## Work item
From the data below, copy exactly the lines that lie between the one holding "rewrite RtoC_minus, RtoC_inv" and the one holding "Variables (Rad : R) (m : nat).", including both, and nothing more.

Saved data entries:
Lemma gauss_factor_sub1_eq m w : (1 <= m)%nat -> 1 + w * RtoC (/ INR (S m)) <> 0 ->
  gauss_factor m w - 1 =
  (cexp_rem (w * RtoC (log_step m)) + w * RtoC (log_step m - / INR (S m))) / (1 + w * RtoC (/ INR (S m))).
Proof.
  intros Hm HD. unfold gauss_factor, cexp_rem.
  assert (HS : (INR (S m) <> 0)%R) by (apply not_0_INR; lia).
  assert (Hw : w + RtoC (INR (S m)) <> 0).
  { replace (w + RtoC (INR (S m))) with (RtoC (INR (S m)) * (1 + w * RtoC (/ INR (S m)))).
    - apply Cmult_neq_0; auto. apply RtoC_neq0; auto.
    - rewrite RtoC_inv by auto. field. apply RtoC_neq0; auto. }
  rewrite RtoC_minus, RtoC_inv by auto. rewrite RtoC_inv in HD by auto.
  field. repeat split; auto; [apply RtoC_neq0; auto | rewrite Cplus_comm; auto].
Qed.

(* For [|w| <= Rad] and [m] beyond an explicit threshold, [gauss_factor m w - 1] is O(1/m^2), with
   an O(1/m^2) Lipschitz constant in [w]; the explicit constants are crude. *)
Section GaussFactorEstimates.

Variables (Rad : R) (m : nat).
Hypothesis Rad_ge0 : (0 <= Rad)%R.
Hypothesis m_large : (800 * (Rad + 1) ^ 2 <= INR m)%R.

Let a := log_step m.
Let b := (/ INR (S m))%R.
Let c := inv_step m.
Let num (w : C) := cexp_rem (w * RtoC a) + w * RtoC (a - b).
Let den (w : C) := 1 + w * RtoC b.

Lemma gauss_threshold_ge1 : (1 <= m)%nat.
Proof. destruct m; [simpl in m_large; nra | lia]. Qed.

Lemma gauss_step_bounds : (0 < b <= a /\ 0 <= a - b <= c /\ a ^ 2 <= 2 * c /\ c <= / INR m /\ Rad * a <= 1/4)%R.
Proof.
  pose proof gauss_threshold_ge1 as Hm. destruct (log_step_bounds m Hm) as [Hb Ha]. fold a b in Hb, Ha.
  assert (Hx : (1 <= INR m)%R) by (apply (le_INR 1); lia).
  assert (Hc : c = (/ INR m - b)%R) by reflexivity.
  assert (Hb0 : (0 < b)%R) by (apply Rinv_0_lt_compat, lt_0_INR; lia).
  assert (Hbm : (b = / (INR m + 1))%R) by (unfold b; rewrite S_INR; reflexivity).
  repeat split; try lra.
  - apply Rle_trans with ((/ INR m) ^ 2)%R; [apply pow_incr; lra|].
    rewrite Hc, Hbm.
    replace (2 * (/ INR m - / (INR m + 1)))%R with (/ (INR m * ((INR m + 1) / 2)))%R by (field; lra).
    replace ((/ INR m) ^ 2)%R with (/ (INR m * INR m))%R by (field; lra).
    apply Rinv_le_contravar; nra.
  - apply Rle_trans with (Rad * / INR m)%R; [apply Rmult_le_compat_l; lra|].
    apply Rmult_le_reg_r with (INR m); [lra|]. rewrite Rmult_assoc, Rinv_l by lra. nra.
Qed.

Lemma inv_step_scaled_le_half : (400 * (Rad + 1) ^ 2 * inv_step m <= 1/2)%R.
Proof.
  destruct gauss_step_bounds as [_ [[_ Hc] [_ [Hcm _]]]]. fold c.
  pose proof gauss_threshold_ge1 as Hm. assert (Hx : (1 <= INR m)%R) by (apply (le_INR 1); lia).
  apply Rle_trans with (400 * (Rad + 1) ^ 2 * / INR m)%R; [apply Rmult_le_compat_l; nra|].
  apply Rmult_le_reg_r with (INR m); [lra|]. rewrite Rmult_assoc, Rinv_l by lra. lra.
Qed.

Lemma gauss_den_bounds w : (Cmod w <= Rad)%R -> (3/4 <= Cmod (den w) <= 5/4)%R.
Proof.
  intros Hw. destruct gauss_step_bounds as [[Hb Hba] [_ [_ [_ HRa]]]].
  assert (Cmod (w * RtoC b) <= 1/4)%R.
  { eapply Rle_trans; [apply (Cmod_mult_RtoC_le Rad); auto; lra|]. nra. }
  unfold den. split.
  - pose proof (Cmod_sub_le 1 (1 + w * RtoC b)).
    replace (1 - (1 + w * RtoC b)) with (- (w * RtoC b)) in H0 by ring.
    rewrite Cmod_1, Cmod_opp in H0. lra.
  - pose proof (Cmod_triangle 1 (w * RtoC b)). rewrite Cmod_1 in H0. lra.
Qed.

## Problem solution
  rewrite RtoC_minus, RtoC_inv by auto. rewrite RtoC_inv in HD by auto.
  field. repeat split; auto; [apply RtoC_neq0; auto | rewrite Cplus_comm; auto].
Qed.

(* For [|w| <= Rad] and [m] beyond an explicit threshold, [gauss_factor m w - 1] is O(1/m^2), with
   an O(1/m^2) Lipschitz constant in [w]; the explicit constants are crude. *)
Section GaussFactorEstimates.

Variables (Rad : R) (m : nat).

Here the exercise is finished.